Since the theme of eTech is 'remix', I've felt free to do so. So my time has been a collage of cherry picked sessions, a couple of walks through sunny San Diego, and interspersed work on material for a venture still in stealth. My cherry picking has been a union of the ontologies (semantic web) theme from last year, now morphed, and what has become known in the last year as the 'Long Tail' of citizens' media and network economics. My nose says this is yeasty territory (contra Joe Kraus' remarks re VCs and the Long Tail a few minutes past).
Clay Shirky's talk should have finally pounded a stake into the heart of the "one true ontology" myth. To be sure, we had substantial proof of this in the information retrieval experiments of the 70s, but it needed to be done for this generation, in this open network, at this scale. The net is the antithesis of the controlled, bounded, mediated information realms in which controlled vocabularies or other received classification schemes get some traction. OK, there isn't going to be one canonical librarian, called Yahoo or anything else. So what are we actually getting under the gloss of 'tagging', if it's actually an uncontrollable soup, and what might we make of it.
The most provocative part of Clay's pitch - for me at least - were statistics of tag use at the item, user, and community level in the del.icio.us interface. If you've been paying attention, it'll be no surprise at all that each graph is a Zipf's Law curve, that is, it shows the Long Tail phenomenon. No surprise to the sociologists and linguists, but tag use in a live community is behaving just the same as a natural language. Call it 'folksonomy' if you will, but that's what is going on.
That way lies Babel. Just an infinite regress as we recapitulate what has already been built many times. Right? Well, no. As much as I dish the fallacy of tags as a basis for the one-semantics-to-rule-them-all, there is enormous potential in watching the evolution of social language as a live process, as a matter of behavior, using tagging systems as the agar plate. Even better (OK, I have an ax to grind), we can experiment with the economic implications of that evolution.

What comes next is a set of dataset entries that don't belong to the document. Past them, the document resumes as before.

Lemma eventually_forall_lt m (Q : nat -> I -> Prop) :
  (forall i, i < m -> eventually (Q i)) -> eventually (fun x => forall i, i < m -> Q i x).
Proof.
elim: m => [|m IHm] Q_ev; first by exists i0.
have [b Q_b] := eventually_and (IHm (fun i lt_im => Q_ev i (ltnW lt_im))) (Q_ev m (ltnSn m)).
exists b => x /Q_b [Q_lt Q_m] i; rewrite ltnS leq_eqVlt => /orP [/eqP -> // | ].
exact: Q_lt.
Qed.

Lemma eventually_bounded_paths (Q : seq nat -> I -> Prop) m k :
  (forall p, eventually (Q p)) ->
  eventually (fun x => forall p, size p = k -> all (fun i => i < m) p -> Q p x).
Proof.
elim: k Q => [|k IHk] Q Q_ev.
  by have [b Q_b] := Q_ev [::]; exists b => x bx [|//] _ _; exact: Q_b.
have [b Q_b] := @eventually_forall_lt m
  (fun i x => forall p, size p = k -> all (fun j => j < m) p -> Q (i :: p) x)
  (fun i _ => IHk (fun p => Q (i :: p)) (fun p => Q_ev (i :: p))).
by exists b => x bx [//|i p] [size_p] /andP [lt_im p_bounded]; exact: Q_b.
Qed.

End Eventually.

Section TermLimit.
Variables (F : finType) (ar : F -> nat) (I : Type) (lt : I -> I -> Prop).
Hypotheses (lt_wo : well_order lt) (lt_nomax : forall x, exists y, lt x y).

Lemma agree_uptoW m n (t u : rawterm F) : m <= n -> agree_upto n t u -> agree_upto m t u.
Proof. by move=> mn tu p pm; apply: tu; exact: leq_trans pm mn. Qed.

Lemma term_limit (u : I -> term ar) :
  (forall n, exists b, forall x y, lt b x -> lt b y -> agree_upto n (fn (u x)) (fn (u y))) ->
  exists t : term ar, forall n, eventually lt (fun x => agree_upto n (fn (u x)) (fn t)).
Proof.
move=> cauchy; have [B u_B] := functional_choice _ cauchy.
have [c Bc] := functional_choice _ (fun n => lt_nomax (B n)).
have agree m n x y : m <= n -> lt (B n) x -> lt (B m) y -> agree_upto m (fn (u x)) (fn (u y)).
  move=> mn Bnx Bmy; have [g _ g_up] := wo_max2 lt_wo (B n) (B m).
  have [z gz] := lt_nomax g; have [Bnz Bmz] := g_up z gz.
  move=> p pm; rewrite (agree_uptoW mn (u_B n x z Bnx Bnz)) //.
  by rewrite (u_B m y z Bmy Bmz).
(* Read p off at a stage beyond which the terms agree up to depth size p. *)
pose t p := fn (u (c (size p))) p.
have t_next p : t p = fn (u (c (size p).+1)) p.
  by symmetry; exact: agree (size p) _ _ _ (leqnSn _) (Bc _) (Bc _) p (leqnn _).
have t_wf : wf_term ar t.
  split; first exact: (proj1 (fn_wf _)).
  move=> p; rewrite t_next; have := proj2 (fn_wf (u (c (size p).+1))) p.
  by case: (fn _ p) => [[f|x]|] wf_p i; rewrite /t size_rcons; exact: wf_p.
exists (@Term F ar t t_wf) => n; exists (B n) => x Bnx p pn /=.
exact: agree (size p) n x _ pn Bnx (Bc _) p (leqnn _).
Qed.

End TermLimit.

Section Steps.
Variables (F : finType) (ar : F -> nat) (R : rule ar -> Prop).

Definition max_arity : nat := \max_(f : F) ar f.

Lemma pos_lt_max_arity (t : term ar) p :
  fn t p <> None -> all (fun i => i < max_arity) p.
Proof.
elim/last_ind: p => [//|q i IHq] t_p; rewrite all_rcons.
have := proj2 (fn_wf t) q; case t_q: (fn t q) => [[f|x]|] children.
- rewrite IHq ?t_q // andbT; apply: leq_trans (leq_bigmax f).
  exact/(children i).
- by case: t_p; exact: children.
- by case: t_p; exact: children.
Qed.

Lemma redex_root (s : step R) :
  exists2 f, fn (src s) (pos s) = Some (inl f) & fn (lhs (rl s)) [::] = Some (inl f).
Proof.
have := step_match s [::]; rewrite cats0 /subst /=.
by case: (lhs_not_var (rl s)) => f lhs_f; rewrite lhs_f => ->; exists f.
Qed.

Lemma contractum_root (s : step R) : ~ collapsing (rl s) ->
  exists2 g, tgt s (pos s) = Some (inl g) & fn (rhs (rl s)) [::] = Some (inl g).
Proof.
move=> noncollapsing; rewrite /tgt /replace take_size eqxx drop_size /subst /=.
case rhs_root: (fn (rhs (rl s)) [::]) => [[g|x]|]; first by exists g.
- by case: noncollapsing; exists x.
- by case: (proj1 (fn_wf (rhs (rl s)))).
Qed.

Lemma tgt_notin (s : step R) p : ~~ prefix (pos s) p -> tgt s p = fn (src s) p.
Proof. by rewrite /tgt /replace -prefixE => /negPf ->. Qed.

Lemma contractum_not_redex (s s' : step R) : disjoint_trs R -> no_collapsing R ->
  fn (src s') (pos s') <> tgt s (pos s).
Proof.
move=> disj nocol; have [f -> lhs_f] := redex_root s'.
have [g -> rhs_g] := contractum_root (nocol _ (rl_in s)).
by case=> fg; subst g; exact: disj (rl_in s') (rl_in s) lhs_f rhs_g.
Qed.

End Steps.

Section Sequence.
Variables (F : finType) (ar : F -> nat) (R : rule ar -> Prop).
Hypotheses (disj : disjoint_trs R) (nocol : no_collapsing R).
Variables (I : Type) (lt : I -> I -> Prop) (a : I -> step R).
Hypotheses (lt_wo : well_order lt) (red : reduction_sequence lt a).

Lemma src_stable x0 p :
  (forall y, lt x0 y -> fn (src (a y)) p = tgt (a x0) p -> ~~ prefix (pos (a y)) p) ->
  forall y, lt x0 y -> fn (src (a y)) p = tgt (a x0) p.
Proof.
move=> avoid y; elim/(well_founded_ind (proj1 lt_wo)): y => y IH x0y.
have stays x : lt x y -> x = x0 \/ lt x0 x -> tgt (a x) p = tgt (a x0) p.
  by move=> xy [-> // | x0x]; rewrite tgt_notin ?IH //; exact/avoid/IH.
case: (wo_succ_or_limit x0y) => [[x [xy x_pred]] | y_limit].
  rewrite (proj1 red x y (conj xy x_pred)); apply: stays => //.
  by case: (wo_total lt_wo x x0) => [xx0 | [-> | x0x]]; [case: (x_pred x0) | left | right].
have [b [b_y near_y]] := proj1 (proj2 red y y_limit) (size p).
have [g gbx0 g_up] := wo_max2 lt_wo b x0.
have gy : lt g y by case: gbx0 => ->.
have [d [gd dy]] := proj2 y_limit g gy.
have [bd x0d] := g_up d gd.
by rewrite -(near_y d bd dy p (leqnn _)); apply: stays => //; right.
Qed.

Lemma steps_settle_at p :
  eventually lt (fun x => prefix (pos (a x)) p -> pos (a x) = p) ->
  eventually lt (fun x => ~~ prefix (pos (a x)) p).
Proof.
move=> [b only_at_p].
have [[x0 [bx0 x0p]] | none_at_p] := classic (exists x0, lt b x0 /\ pos (a x0) = p); last first.
  exists b => x bx; apply/negP => /(only_at_p x bx) xp.
  by apply: none_at_p; exists x.
have avoid y : lt x0 y -> fn (src (a y)) p = tgt (a x0) p -> ~~ prefix (pos (a y)) p.
  move=> x0y same; apply/negP => /(only_at_p y (wo_trans lt_wo bx0 x0y)) yp.
  by case: (contractum_not_redex (s := a x0) (s' := a y) disj nocol); rewrite yp x0p.
by exists x0 => y x0y; exact: avoid x0y (src_stable avoid x0y).
Qed.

Because the Long Tail curve is so fascinatingly simple, it's easy to overlook that it summarizes the outcome of a plethora of small Zipf's law curves, each a snapshot of the activity of a community of interest of some sort (which Chris Anderson is calling ''minitails' at this very moment). As open networks and media allow the freedom to individuate one's information consumption and creation, more and more of these virtual communities congeal, and create their own languages. Now we can watch.

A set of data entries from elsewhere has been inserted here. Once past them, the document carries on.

(* Let $P_1:\mathbb R^n\to\mathbb R$ be convex and continuous, $A_1\in\mathbb R^{q_1\times n}$, $l_1:\mathbb R^{q_1}\to\mathbb R$ strictly convex with $\{x:l_1(A_1x)\le0\}\neq\emptyset$, and $F(x):=P_1(x)+\delta_{\{l_1(A_1\cdot)\le0\}}(x)$. Suppose (i) $\inf P_1<\inf F$, and (ii) there is a Lagrange multiplier $\bar\lambda\ge0$ for $\min_xF(x)$ such that $x\mapsto P_1(x)+\bar\lambda\,l_1(A_1x)$ is a KL function with exponent $\alpha\in(0,1)$. Then $F$ is a KL function with exponent $\alpha$.
   Context: $\delta_C$ denotes the indicator function of $C$ ($0$ on $C$, $+\infty$ outside); $\partial$ is the convex subdifferential. A Lagrange multiplier for $\min_xF(x)$ is a number $\bar\lambda\ge0$ with $\inf_{x}\{P_1(x)+\bar\lambda l_1(A_1x)\}=\inf_xF(x)>-\infty$. KL function with exponent $\alpha\in[0,1)$: a proper closed $h$ such that at every $\hat x\in{\rm dom}\,\partial h$ there exist $a\in(0,\infty]$, a neighborhood $V$ of $\hat x$ and $a_0>0$ with $a_0(1-\alpha)(h(x)-h(\hat x))^{-\alpha}\,{\rm dist}(0,\partial h(x))\ge1$ for all $x\in V$ with $h(\hat x)<h(x)<h(\hat x)+a$. *)

From mathcomp Require Import all_boot.
From Stdlib Require Import Reals.
Set Implicit Arguments.
Unset Strict Implicit.
Local Open Scope R_scope.

Definition vec (n : nat) := 'I_n -> R.
Definition mat (q n : nat) := 'I_q -> 'I_n -> R.
(* Let $G=(V,E)$ be a finite connected chordal graph. (i) If $\operatorname{diam}(G)<2\operatorname{rad}(G)$ then, for every vertices $s\in V$ and $t\in F(s)$, there is a vertex $w\in I(s,t)\cap C(G)$ such that $t\in F(w)$. (ii) If $\operatorname{diam}(G)=2\operatorname{rad}(G)$ then, for every vertices $s\in V$ and $t\in F(s)$, there is a vertex $w\in I(s,t)\cap C^1(G)$ such that $t\in F(w)$.
   Context: A graph is chordal if every induced cycle of length at least 4 has a chord. $d$ is the shortest-path distance, $e(v)=\max_u d(v,u)$, $\operatorname{rad}(G)=\min_v e(v)$, $\operatorname{diam}(G)=\max_v e(v)$. $F(s)=\{v: d(v,s)=e(s)\}$; $C(G)=\{c: e(c)=\operatorname{rad}(G)\}$; $C^1(G)=\{v: e(v)\le\operatorname{rad}(G)+1\}$; $I(u,v)=\{x: d(u,x)+d(x,v)=d(u,v)\}$. *)

From mathcomp Require Import all_boot.
Local Open Scope nat_scope.
Set Implicit Arguments. Unset Strict Implicit. Unset Printing Implicit Defensive.

Section Graph.
Variables (T : finType) (e : rel T).

Definition simple_graph : Prop := symmetric e /\ irreflexive e.

Fixpoint walkn (n : nat) (x y : T) : bool :=
  match n with
  | 0 => x == y
  | n'.+1 => [exists z, e x z && walkn n' z y]
  end.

Anyone who has worked in a group knows they evolve their own languages. A fully spun up product team can speak in private code words in an open restaurant - even in Silicon Valley - with a good chance of being incomprehensible to the competitors at the next table. So with virtual communities, from geocachers to shooters as well as the current del.icio.us crowd. Tags may let us watch that messy process. And if you are trying to figure out what is actually going on there, to serve that community with useful goods and services - you'd be better served by understanding that community lingo that by approaching with one-size-fits-all semantics (or products, or services, for that matter).
One specific intriguing bit emerging from del.icio.us is the to_read tag. It's mere existence is a rebuke to the taxonomic view of tagging - it proposes an act. Anyone else out there remember Winograd and Flores' speech act theory. Nice academic theory, transmuted into commercial disaster in the form of a 'groupware' product called The Coordinator. Turns out people don't like to be told how to speak (fancy that). Do I detect the beginnings of a process by which the speech acts may emerge from the community itself? How about a service to facilitate that?